### What is required
Starting at the line that contains "match first_nonatomic l with", copy every line through the end of the listing below exactly, and copy nothing else.

___ Data to use

(* For all finite sets of formulas $\Gamma,\Delta$: if $\Gamma\Vdash\Delta$, then the sequent $\Gamma\Rightarrow\Delta$ is provable in $\mathsf{CLp}$.
   Context: Fix a countably infinite set $\mathsf{At}$ of atoms. Formulas are built from atoms and the constant $\bot$ using the binary connectives $\land,\lor,\to$. All contexts are finite sets (not multisets) of formulas; a comma denotes union; a subscript $\mathsf{At}$ indicates a finite set of atoms. An atomic sequent has the form $\Gamma_{\mathsf{At}} \Rightarrow \Delta_{\mathsf{At}}$. An atomic rule has finitely many (possibly zero) atomic sequents as premises and one atomic sequent as conclusion; a rule with zero premises is an atomic axiom. A base is a (possibly empty) set of atomic rules; $\mathcal{C}\supseteq\mathcal{B}$ ($\mathcal{C}$ extends $\mathcal{B}$) if $\mathcal{C}$ contains every rule of $\mathcal{B}$. Derivability $\vdash_{\mathcal{B}}$ of atomic sequents is the least relation such that: (Axiom/Weakening) if an atomic axiom with conclusion $\Gamma_{\mathsf{At}}\Rightarrow\Delta_{\mathsf{At}}$ is in $\mathcal{B}$, then $\vdash_{\mathcal{B}} \Theta_{\mathsf{At}},\Gamma_{\mathsf{At}}\Rightarrow\Delta_{\mathsf{At}},\Sigma_{\mathsf{At}}$ for all sets of atoms $\Theta_{\mathsf{At}},\Sigma_{\mathsf{At}}$; (Mix) if a rule with premises $\Gamma^i_{\mathsf{At}}\Rightarrow\Delta^i_{\mathsf{At}}$ ($1\le i\le n$) and conclusion $\Gamma_{\mathsf{At}}\Rightarrow\Delta_{\mathsf{At}}$ is in $\mathcal{B}$ and $\vdash_{\mathcal{B}} \Theta^i_{\mathsf{At}},\Gamma^i_{\mathsf{At}}\Rightarrow\Delta^i_{\mathsf{At}},\Sigma^i_{\mathsf{At}}$ for each $i$, then $\vdash_{\mathcal{B}} \Theta^1_{\mathsf{At}},\dots,\Theta^n_{\mathsf{At}},\Gamma_{\mathsf{At}}\Rightarrow\Delta_{\mathsf{At}},\Sigma^1_{\mathsf{At}},\dots,\Sigma^n_{\mathsf{At}}$. Support $\Vdash_{\mathcal{B}}$: (At) $\Vdash_{\mathcal{B}}\Gamma_{\mathsf{At}}$ iff $\vdash_{\mathcal{B}}\ \Rightarrow\Gamma_{\mathsf{At}}$; ($\land$) $\Vdash_{\mathcal{B}} A\land B,\Gamma$ iff $\Vdash_{\mathcal{B}}A,\Gamma$ and $\Vdash_{\mathcal{B}}B,\Gamma$; ($\lor$) $\Vdash_{\mathcal{B}}A\lor B,\Gamma$ iff $\Vdash_{\mathcal{B}}A,B,\Gamma$; ($\to$) $\Vdash_{\mathcal{B}}A\to B,\Gamma$ iff $A\Vdash_{\mathcal{B}}B,\Gamma$; ($\bot$) $\Vdash_{\mathcal{B}}\bot,\Gamma$ iff $\Vdash_{\mathcal{B}}\Gamma$; (Inf) for $n\ge1$, $\{A^1,\dots,A^n\}\Vdash_{\mathcal{B}}\Delta$ iff for every $\mathcal{C}\supseteq\mathcal{B}$ and all sets of atoms $\Theta^1_{\mathsf{At}},\dots,\Theta^n_{\mathsf{At}}$, if $\Vdash_{\mathcal{C}}\Theta^i_{\mathsf{At}},A^i$ for all $i$ then $\Vdash_{\mathcal{C}}\Theta^1_{\mathsf{At}},\dots,\Theta^n_{\mathsf{At}},\Delta$ (and $\varnothing\Vdash_{\mathcal{B}}\Delta$ means $\Vdash_{\mathcal{B}}\Delta$). The atomic identity rule $\mathsf{Ainit}$ is the atomic axiom $\Gamma_{\mathsf{At}},p\Rightarrow p,\Delta_{\mathsf{At}}$; the atomic cut rule $\mathsf{Acut}$ has premises $\Gamma^1_{\mathsf{At}}\Rightarrow\Delta^1_{\mathsf{At}},p$ and $p,\Gamma^2_{\mathsf{At}}\Rightarrow\Delta^2_{\mathsf{At}}$ and conclusion $\Gamma^1_{\mathsf{At}},\Gamma^2_{\mathsf{At}}\Rightarrow\Delta^1_{\mathsf{At}},\Delta^2_{\mathsf{At}}$. $\mathcal{ST}$ is the base consisting of all instances of $\mathsf{Ainit}$ and $\mathsf{Acut}$. Validity: $\Gamma\Vdash\Delta$ iff $\Gamma\Vdash_{\mathcal{B}}\Delta$ for every base $\mathcal{B}\supseteq\mathcal{ST}$. $\mathsf{CLp}$ is the sequent calculus on sequents $\Gamma\Rightarrow\Delta$ (finite sets of formulas) with rules: $\mathsf{init}$: $\Gamma,A\Rightarrow A,\Delta$; $L\bot$: $\Gamma,\bot\Rightarrow\Delta$; $R\bot$: from $\Gamma\Rightarrow\Delta$ infer $\Gamma\Rightarrow\bot,\Delta$; $L\land$: from $A,B,\Gamma\Rightarrow\Delta$ infer $A\land B,\Gamma\Rightarrow\Delta$; $R\land$: from $\Gamma\Rightarrow\Delta,A$ and $\Gamma'\Rightarrow\Delta',B$ infer $\Gamma,\Gamma'\Rightarrow\Delta,\Delta',A\land B$; $L\lor$: from $A,\Gamma\Rightarrow\Delta$ and $B,\Gamma'\Rightarrow\Delta'$ infer $A\lor B,\Gamma,\Gamma'\Rightarrow\Delta,\Delta'$; $R\lor$: from $\Gamma\Rightarrow\Delta,A,B$ infer $\Gamma\Rightarrow\Delta,A\lor B$; $L\to$: from $\Gamma\Rightarrow\Delta,A$ and $B,\Gamma'\Rightarrow\Delta'$ infer $A\to B,\Gamma,\Gamma'\Rightarrow\Delta,\Delta'$; $R\to$: from $A,\Gamma\Rightarrow\Delta,B$ infer $\Gamma\Rightarrow\Delta,A\to B$. *)

From Stdlib Require Import List Arith.
Import ListNotations.

Definition atom := nat.

Inductive form : Type :=
| Atom : atom -> form
| Bot  : form
| And  : form -> form -> form
| Or   : form -> form -> form
| Imp  : form -> form -> form.

Definition form_eq_dec : forall x y : form, {x = y} + {x <> y}.
Proof. decide equality; apply Nat.eq_dec. Defined.

(** Finite sets are represented by lists; two lists denote the same set
    when they have the same members. *)
Definition seteq {T : Type} (l l' : list T) : Prop := forall x, In x l <-> In x l'.

Definition asequent := (list atom * list atom)%type.
Record arule := mkRule { prem : list asequent ; concl : asequent }.

Definition base := arule -> Prop.
Definition extends (C B : base) : Prop := forall r, B r -> C r.

(** Derivability |-_B of atomic sequents (Axiom/Weakening and Mix);
    conclusions are taken up to set equality. *)
Inductive derivable (B : base) : list atom -> list atom -> Prop :=
| d_axiom : forall r G D Th Si L R,
    B r -> prem r = [] -> concl r = (G, D) ->
    seteq L (Th ++ G) -> seteq R (D ++ Si) ->
    derivable B L R
| d_mix : forall r G D (ws : list (list atom * list atom)) L R,
    B r -> concl r = (G, D) ->
    Forall2 (fun (p : asequent) (w : list atom * list atom) =>
               derivable B (fst w ++ fst p) (snd p ++ snd w)) (prem r) ws ->
    seteq L (concat (map fst ws) ++ G) ->
    seteq R (D ++ concat (map snd ws)) ->
    derivable B L R.

Inductive ST : base :=
| ST_init : forall G D p, ST (mkRule [] (G ++ [p], p :: D))
| ST_cut : forall G1 D1 G2 D2 p,
    ST (mkRule [(G1, D1 ++ [p]); (p :: G2, D2)] (G1 ++ G2, D1 ++ D2)).

Fixpoint fsize (A : form) : nat :=
  match A with
  | Atom _ => 0
  | Bot => 1
  | And A B | Or A B | Imp A B => S (fsize A + fsize B)
  end.

Definition weight (l : list form) : nat := fold_right (fun A n => fsize A + n) 0 l.

Fixpoint first_nonatomic (l : list form) : option form :=
  match l with
  | [] => None
  | Atom _ :: l' => first_nonatomic l'
  | A :: _ => Some A
  end.

Fixpoint atoms_of (l : list form) : list atom :=
  match l with
  | [] => []
  | Atom p :: l' => p :: atoms_of l'
  | _ :: l' => atoms_of l'
  end.

Definition atomsF (Th : list atom) : list form := map Atom Th.

(** [supp k B l]: support of the set [l] in base [B], computed with fuel [k]
    (always called with fuel >= weight, so fuel never runs out). A non-atomic
    formula X of the set is chosen (the first one in the list) and the
    corresponding clause is applied to X, Gamma where Gamma is the set minus X. *)
Fixpoint supp (k : nat) (B : base) (l : list form) {struct k} : Prop :=
  match first_nonatomic l with
  | None => derivable B [] (atoms_of l)
  | Some X =>
      match k with
      | 0 => False
      | S k' =>
          let G := remove form_eq_dec X l in
          match X with
          | And A1 A2 => supp k' B (A1 :: G) /\ supp k' B (A2 :: G)
          | Or A1 A2 => supp k' B (A1 :: A2 :: G)
          | Bot => supp k' B G
          | Imp A1 A2 =>                                             (* (->) + (Inf), n = 1 *)
              forall C : base, extends C B ->
              forall Th : list atom,
                supp k' C (atomsF Th ++ [A1]) ->
                supp k' C (atomsF Th ++ A2 :: G)
          | Atom _ => True (* unreachable *)
          end
      end
  end.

______

### The answer
  match first_nonatomic l with
  | None => derivable B [] (atoms_of l)
  | Some X =>
      match k with
      | 0 => False
      | S k' =>
          let G := remove form_eq_dec X l in
          match X with
          | And A1 A2 => supp k' B (A1 :: G) /\ supp k' B (A2 :: G)
          | Or A1 A2 => supp k' B (A1 :: A2 :: G)
          | Bot => supp k' B G
          | Imp A1 A2 =>                                             (* (->) + (Inf), n = 1 *)
              forall C : base, extends C B ->
              forall Th : list atom,
                supp k' C (atomsF Th ++ [A1]) ->
                supp k' C (atomsF Th ++ A2 :: G)
          | Atom _ => True (* unreachable *)
          end
      end
  end.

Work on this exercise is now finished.